Search the records for the string "mulrA" and return each line that has it.
Data to examine below:
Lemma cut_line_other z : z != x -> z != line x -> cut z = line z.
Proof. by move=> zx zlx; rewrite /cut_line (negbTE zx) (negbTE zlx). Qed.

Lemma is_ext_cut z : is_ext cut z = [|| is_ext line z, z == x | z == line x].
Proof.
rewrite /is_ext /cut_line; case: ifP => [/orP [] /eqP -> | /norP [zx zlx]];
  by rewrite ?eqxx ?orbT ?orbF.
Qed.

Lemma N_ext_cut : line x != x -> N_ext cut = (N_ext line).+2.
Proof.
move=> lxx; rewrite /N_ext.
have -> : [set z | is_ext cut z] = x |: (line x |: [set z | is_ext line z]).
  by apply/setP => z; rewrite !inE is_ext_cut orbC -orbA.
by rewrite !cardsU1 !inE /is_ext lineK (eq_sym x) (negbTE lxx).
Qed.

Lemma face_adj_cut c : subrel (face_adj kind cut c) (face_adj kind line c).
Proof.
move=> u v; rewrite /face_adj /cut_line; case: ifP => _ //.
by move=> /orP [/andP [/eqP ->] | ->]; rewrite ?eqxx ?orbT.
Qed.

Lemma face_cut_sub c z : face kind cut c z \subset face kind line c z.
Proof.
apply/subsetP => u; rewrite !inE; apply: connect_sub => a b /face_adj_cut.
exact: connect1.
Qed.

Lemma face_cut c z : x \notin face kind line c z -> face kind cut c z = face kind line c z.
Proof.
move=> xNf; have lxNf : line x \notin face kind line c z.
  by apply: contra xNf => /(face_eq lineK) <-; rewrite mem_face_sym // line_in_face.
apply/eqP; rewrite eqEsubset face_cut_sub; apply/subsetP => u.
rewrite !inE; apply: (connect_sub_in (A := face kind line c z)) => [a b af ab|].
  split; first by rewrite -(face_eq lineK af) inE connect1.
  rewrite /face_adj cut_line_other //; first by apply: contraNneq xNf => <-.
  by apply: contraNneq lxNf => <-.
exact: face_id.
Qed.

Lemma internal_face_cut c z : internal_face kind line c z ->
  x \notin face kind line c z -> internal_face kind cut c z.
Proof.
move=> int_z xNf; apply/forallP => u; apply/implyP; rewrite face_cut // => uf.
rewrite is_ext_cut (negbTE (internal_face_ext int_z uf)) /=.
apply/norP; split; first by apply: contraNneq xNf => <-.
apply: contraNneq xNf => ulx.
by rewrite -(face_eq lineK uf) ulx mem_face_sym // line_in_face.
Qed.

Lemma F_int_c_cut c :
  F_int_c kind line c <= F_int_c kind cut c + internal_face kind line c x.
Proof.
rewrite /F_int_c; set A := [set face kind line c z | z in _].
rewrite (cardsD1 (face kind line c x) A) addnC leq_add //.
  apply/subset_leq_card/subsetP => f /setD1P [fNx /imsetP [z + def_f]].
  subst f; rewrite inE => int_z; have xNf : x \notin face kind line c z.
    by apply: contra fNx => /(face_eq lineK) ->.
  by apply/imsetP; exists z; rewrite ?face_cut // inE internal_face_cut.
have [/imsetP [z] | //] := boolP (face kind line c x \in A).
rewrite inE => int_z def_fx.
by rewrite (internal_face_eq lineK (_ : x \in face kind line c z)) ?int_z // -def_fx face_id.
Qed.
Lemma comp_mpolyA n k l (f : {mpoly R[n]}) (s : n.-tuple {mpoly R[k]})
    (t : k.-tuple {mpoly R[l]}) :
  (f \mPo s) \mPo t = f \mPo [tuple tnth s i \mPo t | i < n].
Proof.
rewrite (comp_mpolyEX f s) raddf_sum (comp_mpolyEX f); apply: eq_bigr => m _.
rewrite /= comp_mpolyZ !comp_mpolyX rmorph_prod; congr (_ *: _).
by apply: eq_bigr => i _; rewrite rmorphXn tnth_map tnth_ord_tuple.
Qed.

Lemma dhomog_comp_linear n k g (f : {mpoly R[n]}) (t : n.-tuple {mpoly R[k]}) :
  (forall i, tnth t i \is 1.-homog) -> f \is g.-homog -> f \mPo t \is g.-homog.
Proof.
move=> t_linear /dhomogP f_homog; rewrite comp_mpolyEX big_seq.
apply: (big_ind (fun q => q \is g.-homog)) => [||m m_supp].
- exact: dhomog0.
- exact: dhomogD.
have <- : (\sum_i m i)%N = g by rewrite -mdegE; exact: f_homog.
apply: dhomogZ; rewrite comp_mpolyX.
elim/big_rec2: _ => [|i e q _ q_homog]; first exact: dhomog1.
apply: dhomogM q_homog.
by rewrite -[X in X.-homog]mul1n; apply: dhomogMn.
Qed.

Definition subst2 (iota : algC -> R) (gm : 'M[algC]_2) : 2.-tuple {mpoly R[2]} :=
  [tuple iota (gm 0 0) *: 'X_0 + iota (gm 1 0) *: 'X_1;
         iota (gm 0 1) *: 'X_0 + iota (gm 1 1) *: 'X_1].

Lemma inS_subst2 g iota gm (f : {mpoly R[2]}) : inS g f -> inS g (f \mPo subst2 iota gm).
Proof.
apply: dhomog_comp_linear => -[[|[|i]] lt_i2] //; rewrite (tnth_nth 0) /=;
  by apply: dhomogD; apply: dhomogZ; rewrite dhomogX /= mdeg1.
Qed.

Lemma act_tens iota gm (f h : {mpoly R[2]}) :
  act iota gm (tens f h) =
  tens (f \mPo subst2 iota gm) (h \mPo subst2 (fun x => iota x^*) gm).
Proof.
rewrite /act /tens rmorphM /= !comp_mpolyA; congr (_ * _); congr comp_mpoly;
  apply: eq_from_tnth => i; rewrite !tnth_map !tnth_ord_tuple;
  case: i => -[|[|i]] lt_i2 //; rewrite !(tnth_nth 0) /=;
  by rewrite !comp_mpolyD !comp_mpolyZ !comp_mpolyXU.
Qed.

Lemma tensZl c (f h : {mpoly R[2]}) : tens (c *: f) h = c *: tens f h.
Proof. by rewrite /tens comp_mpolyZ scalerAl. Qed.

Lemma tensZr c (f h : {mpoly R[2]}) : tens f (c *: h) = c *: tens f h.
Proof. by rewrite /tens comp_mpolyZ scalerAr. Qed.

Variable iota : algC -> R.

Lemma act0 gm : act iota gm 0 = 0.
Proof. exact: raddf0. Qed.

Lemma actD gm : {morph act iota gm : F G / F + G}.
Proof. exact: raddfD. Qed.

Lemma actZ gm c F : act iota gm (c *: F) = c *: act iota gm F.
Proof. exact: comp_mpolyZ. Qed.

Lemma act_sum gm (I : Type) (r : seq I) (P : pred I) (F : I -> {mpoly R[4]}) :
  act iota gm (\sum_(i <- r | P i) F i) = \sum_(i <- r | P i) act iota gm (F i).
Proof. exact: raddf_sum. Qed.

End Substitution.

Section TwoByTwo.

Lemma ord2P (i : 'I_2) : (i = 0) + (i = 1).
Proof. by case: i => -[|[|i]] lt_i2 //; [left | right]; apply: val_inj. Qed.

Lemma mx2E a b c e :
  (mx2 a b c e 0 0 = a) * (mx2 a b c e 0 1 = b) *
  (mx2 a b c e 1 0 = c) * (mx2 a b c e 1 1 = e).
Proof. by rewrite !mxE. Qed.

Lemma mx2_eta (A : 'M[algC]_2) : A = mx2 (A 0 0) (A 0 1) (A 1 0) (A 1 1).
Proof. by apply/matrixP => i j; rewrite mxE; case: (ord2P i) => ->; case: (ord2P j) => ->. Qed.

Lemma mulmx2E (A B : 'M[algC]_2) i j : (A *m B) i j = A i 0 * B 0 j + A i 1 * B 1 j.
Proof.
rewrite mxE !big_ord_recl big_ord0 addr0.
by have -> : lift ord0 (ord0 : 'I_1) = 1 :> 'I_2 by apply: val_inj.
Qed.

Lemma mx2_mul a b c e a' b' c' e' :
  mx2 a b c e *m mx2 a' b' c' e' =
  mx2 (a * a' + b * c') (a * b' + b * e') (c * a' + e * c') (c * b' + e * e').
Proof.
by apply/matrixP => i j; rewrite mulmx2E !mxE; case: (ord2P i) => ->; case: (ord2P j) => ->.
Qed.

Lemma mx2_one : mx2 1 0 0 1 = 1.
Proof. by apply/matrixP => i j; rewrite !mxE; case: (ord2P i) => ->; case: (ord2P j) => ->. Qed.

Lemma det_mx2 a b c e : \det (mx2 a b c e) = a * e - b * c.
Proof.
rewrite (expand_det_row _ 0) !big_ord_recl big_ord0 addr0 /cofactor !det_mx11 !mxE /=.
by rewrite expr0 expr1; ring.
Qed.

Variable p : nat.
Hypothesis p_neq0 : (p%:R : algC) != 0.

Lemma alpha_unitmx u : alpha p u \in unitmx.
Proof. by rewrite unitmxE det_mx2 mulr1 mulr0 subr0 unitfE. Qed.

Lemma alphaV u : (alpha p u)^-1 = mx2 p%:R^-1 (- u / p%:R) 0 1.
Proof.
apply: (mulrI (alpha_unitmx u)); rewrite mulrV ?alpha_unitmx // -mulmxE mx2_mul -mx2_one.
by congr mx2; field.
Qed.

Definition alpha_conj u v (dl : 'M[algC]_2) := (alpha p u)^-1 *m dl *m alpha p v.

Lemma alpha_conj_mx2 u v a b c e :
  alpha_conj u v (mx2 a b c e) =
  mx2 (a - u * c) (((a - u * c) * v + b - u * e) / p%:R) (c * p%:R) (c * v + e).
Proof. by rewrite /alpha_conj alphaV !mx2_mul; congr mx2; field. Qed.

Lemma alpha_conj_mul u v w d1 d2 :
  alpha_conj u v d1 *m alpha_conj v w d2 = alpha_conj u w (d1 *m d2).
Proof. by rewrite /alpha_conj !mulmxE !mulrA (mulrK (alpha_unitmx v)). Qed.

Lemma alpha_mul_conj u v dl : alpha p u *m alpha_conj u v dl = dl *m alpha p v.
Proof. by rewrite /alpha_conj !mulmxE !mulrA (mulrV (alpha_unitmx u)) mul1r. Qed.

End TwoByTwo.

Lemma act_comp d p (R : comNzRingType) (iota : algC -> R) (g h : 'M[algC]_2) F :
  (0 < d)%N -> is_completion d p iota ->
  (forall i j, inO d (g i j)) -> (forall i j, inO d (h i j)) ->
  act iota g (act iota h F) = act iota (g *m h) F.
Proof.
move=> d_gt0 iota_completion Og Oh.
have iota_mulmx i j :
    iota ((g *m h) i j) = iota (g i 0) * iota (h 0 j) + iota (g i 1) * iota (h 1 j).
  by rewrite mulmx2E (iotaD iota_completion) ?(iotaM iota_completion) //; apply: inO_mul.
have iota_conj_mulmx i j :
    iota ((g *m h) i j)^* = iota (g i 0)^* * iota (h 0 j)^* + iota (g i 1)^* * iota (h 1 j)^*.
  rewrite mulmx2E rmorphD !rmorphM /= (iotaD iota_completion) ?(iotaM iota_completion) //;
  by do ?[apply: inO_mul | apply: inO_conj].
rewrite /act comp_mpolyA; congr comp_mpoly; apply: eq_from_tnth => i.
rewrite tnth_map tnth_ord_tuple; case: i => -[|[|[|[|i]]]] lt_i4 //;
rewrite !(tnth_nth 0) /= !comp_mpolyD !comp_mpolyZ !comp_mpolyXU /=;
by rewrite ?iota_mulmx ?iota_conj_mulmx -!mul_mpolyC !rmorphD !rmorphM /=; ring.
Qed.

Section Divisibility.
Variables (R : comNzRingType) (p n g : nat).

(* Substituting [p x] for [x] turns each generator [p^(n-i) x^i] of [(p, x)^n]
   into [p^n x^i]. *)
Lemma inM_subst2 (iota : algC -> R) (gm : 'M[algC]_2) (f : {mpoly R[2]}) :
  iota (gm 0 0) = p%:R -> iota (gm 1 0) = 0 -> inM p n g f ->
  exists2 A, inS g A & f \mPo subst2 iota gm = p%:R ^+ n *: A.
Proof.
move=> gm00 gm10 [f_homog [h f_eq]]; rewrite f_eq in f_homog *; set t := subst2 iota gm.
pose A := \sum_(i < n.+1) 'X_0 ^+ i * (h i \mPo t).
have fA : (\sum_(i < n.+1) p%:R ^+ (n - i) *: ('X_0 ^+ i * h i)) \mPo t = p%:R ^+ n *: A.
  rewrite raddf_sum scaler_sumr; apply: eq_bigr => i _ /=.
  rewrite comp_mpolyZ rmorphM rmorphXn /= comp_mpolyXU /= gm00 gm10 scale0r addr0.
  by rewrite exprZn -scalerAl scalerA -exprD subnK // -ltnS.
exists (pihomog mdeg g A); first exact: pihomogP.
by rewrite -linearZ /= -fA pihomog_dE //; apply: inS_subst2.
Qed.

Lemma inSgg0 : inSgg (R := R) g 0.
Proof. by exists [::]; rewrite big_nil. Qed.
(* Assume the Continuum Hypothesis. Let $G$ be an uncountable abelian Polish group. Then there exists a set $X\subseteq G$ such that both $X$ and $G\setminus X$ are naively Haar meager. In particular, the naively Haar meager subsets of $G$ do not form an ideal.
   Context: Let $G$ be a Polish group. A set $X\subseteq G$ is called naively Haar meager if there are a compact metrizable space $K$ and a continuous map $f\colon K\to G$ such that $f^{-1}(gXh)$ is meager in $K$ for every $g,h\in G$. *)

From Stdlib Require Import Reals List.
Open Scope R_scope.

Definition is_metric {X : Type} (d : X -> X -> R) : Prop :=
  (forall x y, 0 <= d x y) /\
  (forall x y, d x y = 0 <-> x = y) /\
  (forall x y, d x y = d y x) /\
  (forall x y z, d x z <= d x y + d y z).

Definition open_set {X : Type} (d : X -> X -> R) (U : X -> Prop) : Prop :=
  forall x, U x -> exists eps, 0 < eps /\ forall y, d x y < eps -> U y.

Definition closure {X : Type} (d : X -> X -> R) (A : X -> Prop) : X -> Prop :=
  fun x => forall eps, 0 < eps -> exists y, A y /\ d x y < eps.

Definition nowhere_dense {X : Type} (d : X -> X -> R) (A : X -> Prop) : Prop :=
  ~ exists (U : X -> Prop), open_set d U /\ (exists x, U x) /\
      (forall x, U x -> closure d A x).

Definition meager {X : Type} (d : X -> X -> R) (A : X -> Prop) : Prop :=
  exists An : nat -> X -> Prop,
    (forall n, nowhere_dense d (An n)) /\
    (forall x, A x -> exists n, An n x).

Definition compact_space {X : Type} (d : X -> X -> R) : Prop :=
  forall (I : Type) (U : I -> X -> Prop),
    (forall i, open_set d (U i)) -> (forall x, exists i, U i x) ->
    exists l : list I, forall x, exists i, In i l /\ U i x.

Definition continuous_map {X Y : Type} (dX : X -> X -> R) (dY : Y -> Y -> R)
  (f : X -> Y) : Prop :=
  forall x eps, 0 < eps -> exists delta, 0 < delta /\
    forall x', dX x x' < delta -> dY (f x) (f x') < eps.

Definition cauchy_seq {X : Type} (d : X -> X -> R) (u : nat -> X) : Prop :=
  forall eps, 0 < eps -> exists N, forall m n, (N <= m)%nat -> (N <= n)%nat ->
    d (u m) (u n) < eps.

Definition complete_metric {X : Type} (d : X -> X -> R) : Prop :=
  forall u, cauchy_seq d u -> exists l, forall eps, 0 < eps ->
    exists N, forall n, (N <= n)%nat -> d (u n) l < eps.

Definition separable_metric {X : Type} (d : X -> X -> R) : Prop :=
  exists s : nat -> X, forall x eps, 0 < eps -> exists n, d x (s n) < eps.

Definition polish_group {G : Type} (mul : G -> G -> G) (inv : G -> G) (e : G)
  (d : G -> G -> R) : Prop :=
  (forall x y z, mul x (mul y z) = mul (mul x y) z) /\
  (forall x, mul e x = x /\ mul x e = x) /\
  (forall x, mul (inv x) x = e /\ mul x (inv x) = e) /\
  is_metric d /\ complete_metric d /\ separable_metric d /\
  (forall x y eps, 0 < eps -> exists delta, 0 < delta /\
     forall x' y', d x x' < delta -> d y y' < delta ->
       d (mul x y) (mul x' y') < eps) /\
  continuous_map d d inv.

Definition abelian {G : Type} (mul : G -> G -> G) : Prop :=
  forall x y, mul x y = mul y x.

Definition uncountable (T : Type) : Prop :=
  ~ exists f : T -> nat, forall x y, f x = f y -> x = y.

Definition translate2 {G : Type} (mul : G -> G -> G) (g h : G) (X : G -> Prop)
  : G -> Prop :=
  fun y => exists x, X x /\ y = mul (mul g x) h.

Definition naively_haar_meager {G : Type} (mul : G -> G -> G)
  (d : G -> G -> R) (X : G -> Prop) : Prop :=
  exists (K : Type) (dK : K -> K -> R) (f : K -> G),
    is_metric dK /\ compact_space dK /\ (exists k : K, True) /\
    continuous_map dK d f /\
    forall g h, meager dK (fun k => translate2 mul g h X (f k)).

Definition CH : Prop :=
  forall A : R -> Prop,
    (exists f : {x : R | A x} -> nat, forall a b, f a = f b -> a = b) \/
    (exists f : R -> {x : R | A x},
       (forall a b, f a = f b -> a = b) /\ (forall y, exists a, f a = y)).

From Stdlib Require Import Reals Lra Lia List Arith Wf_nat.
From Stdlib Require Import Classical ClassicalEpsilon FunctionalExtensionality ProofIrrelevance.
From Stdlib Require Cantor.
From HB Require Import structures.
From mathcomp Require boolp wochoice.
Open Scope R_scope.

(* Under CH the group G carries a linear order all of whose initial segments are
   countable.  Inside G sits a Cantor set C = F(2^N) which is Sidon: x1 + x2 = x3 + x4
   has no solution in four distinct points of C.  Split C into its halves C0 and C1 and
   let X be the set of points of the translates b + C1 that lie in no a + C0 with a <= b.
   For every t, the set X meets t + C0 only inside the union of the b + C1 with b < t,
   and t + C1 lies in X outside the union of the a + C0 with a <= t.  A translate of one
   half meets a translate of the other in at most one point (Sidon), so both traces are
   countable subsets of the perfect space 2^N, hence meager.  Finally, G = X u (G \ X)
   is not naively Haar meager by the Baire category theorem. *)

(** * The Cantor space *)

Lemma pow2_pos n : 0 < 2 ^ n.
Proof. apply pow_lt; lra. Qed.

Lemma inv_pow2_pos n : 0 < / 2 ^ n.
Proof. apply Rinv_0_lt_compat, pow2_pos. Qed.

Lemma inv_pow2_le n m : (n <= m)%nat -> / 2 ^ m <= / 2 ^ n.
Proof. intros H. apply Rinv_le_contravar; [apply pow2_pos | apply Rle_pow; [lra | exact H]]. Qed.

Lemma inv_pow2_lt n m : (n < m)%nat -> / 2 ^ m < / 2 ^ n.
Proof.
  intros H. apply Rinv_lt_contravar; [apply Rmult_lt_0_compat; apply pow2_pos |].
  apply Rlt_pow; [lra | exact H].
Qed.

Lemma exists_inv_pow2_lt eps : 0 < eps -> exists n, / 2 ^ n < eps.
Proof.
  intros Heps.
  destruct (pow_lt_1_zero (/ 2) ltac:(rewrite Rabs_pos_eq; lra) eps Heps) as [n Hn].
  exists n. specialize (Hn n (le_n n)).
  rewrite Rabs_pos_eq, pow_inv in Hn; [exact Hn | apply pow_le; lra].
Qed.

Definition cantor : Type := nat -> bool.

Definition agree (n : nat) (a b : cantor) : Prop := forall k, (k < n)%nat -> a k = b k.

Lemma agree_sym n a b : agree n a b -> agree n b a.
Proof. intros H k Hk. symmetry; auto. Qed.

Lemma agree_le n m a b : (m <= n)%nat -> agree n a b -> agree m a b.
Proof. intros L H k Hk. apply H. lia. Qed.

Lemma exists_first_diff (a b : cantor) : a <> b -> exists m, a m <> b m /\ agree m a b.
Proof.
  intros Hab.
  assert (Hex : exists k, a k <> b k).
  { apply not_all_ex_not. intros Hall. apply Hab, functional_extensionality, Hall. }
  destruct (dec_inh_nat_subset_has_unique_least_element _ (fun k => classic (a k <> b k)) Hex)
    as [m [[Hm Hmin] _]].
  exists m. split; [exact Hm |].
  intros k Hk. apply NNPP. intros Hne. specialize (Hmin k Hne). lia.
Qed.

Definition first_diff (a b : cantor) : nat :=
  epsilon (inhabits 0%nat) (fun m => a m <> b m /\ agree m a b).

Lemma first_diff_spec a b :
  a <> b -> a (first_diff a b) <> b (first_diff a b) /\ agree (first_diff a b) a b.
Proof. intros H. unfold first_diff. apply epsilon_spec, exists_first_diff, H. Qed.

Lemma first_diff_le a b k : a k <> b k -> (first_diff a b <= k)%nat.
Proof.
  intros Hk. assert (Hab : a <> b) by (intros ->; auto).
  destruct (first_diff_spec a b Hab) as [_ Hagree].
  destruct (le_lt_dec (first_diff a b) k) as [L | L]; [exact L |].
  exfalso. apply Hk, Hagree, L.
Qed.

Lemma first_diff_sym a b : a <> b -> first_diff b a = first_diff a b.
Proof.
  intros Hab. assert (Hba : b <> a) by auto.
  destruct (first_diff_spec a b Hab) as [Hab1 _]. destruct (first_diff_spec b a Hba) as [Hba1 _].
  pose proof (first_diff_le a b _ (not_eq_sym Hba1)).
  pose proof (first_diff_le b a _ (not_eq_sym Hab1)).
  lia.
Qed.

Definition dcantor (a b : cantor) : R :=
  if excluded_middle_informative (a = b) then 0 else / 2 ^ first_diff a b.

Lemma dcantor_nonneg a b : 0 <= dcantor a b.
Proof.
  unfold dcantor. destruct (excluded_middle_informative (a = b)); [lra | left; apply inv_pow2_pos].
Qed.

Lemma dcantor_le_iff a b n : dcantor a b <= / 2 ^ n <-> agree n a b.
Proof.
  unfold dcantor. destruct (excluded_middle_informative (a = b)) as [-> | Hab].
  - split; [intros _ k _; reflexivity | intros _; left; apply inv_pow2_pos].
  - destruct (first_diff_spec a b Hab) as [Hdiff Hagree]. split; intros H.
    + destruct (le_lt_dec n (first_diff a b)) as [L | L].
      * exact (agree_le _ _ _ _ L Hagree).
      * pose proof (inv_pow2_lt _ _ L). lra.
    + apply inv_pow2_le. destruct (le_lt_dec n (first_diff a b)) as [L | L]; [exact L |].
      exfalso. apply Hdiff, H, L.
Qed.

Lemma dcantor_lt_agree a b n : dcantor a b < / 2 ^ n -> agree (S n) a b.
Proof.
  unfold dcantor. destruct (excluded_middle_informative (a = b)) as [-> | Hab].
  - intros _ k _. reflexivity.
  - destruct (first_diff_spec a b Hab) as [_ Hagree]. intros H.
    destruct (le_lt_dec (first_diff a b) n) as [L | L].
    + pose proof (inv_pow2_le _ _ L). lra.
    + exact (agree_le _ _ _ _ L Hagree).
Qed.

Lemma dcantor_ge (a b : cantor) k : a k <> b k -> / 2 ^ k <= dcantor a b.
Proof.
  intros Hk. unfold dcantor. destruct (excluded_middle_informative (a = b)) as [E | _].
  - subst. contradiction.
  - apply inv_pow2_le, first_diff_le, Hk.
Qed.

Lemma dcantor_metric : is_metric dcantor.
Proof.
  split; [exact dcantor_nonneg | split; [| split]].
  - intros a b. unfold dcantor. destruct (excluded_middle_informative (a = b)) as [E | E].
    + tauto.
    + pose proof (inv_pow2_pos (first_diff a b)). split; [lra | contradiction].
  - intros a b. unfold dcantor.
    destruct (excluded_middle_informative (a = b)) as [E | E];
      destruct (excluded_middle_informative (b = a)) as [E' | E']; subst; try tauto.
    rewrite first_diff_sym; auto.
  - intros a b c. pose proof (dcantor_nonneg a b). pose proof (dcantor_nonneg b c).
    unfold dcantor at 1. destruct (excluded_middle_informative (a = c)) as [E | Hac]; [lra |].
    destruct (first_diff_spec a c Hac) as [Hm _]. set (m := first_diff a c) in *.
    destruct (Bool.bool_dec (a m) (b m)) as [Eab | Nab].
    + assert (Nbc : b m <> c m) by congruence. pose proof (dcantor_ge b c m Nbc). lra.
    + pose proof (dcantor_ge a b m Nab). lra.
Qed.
End of Data to examine.
## Response
Proof. by rewrite /alpha_conj !mulmxE !mulrA (mulrK (alpha_unitmx v)). Qed.
Proof. by rewrite /alpha_conj !mulmxE !mulrA (mulrV (alpha_unitmx u)) mul1r. Qed.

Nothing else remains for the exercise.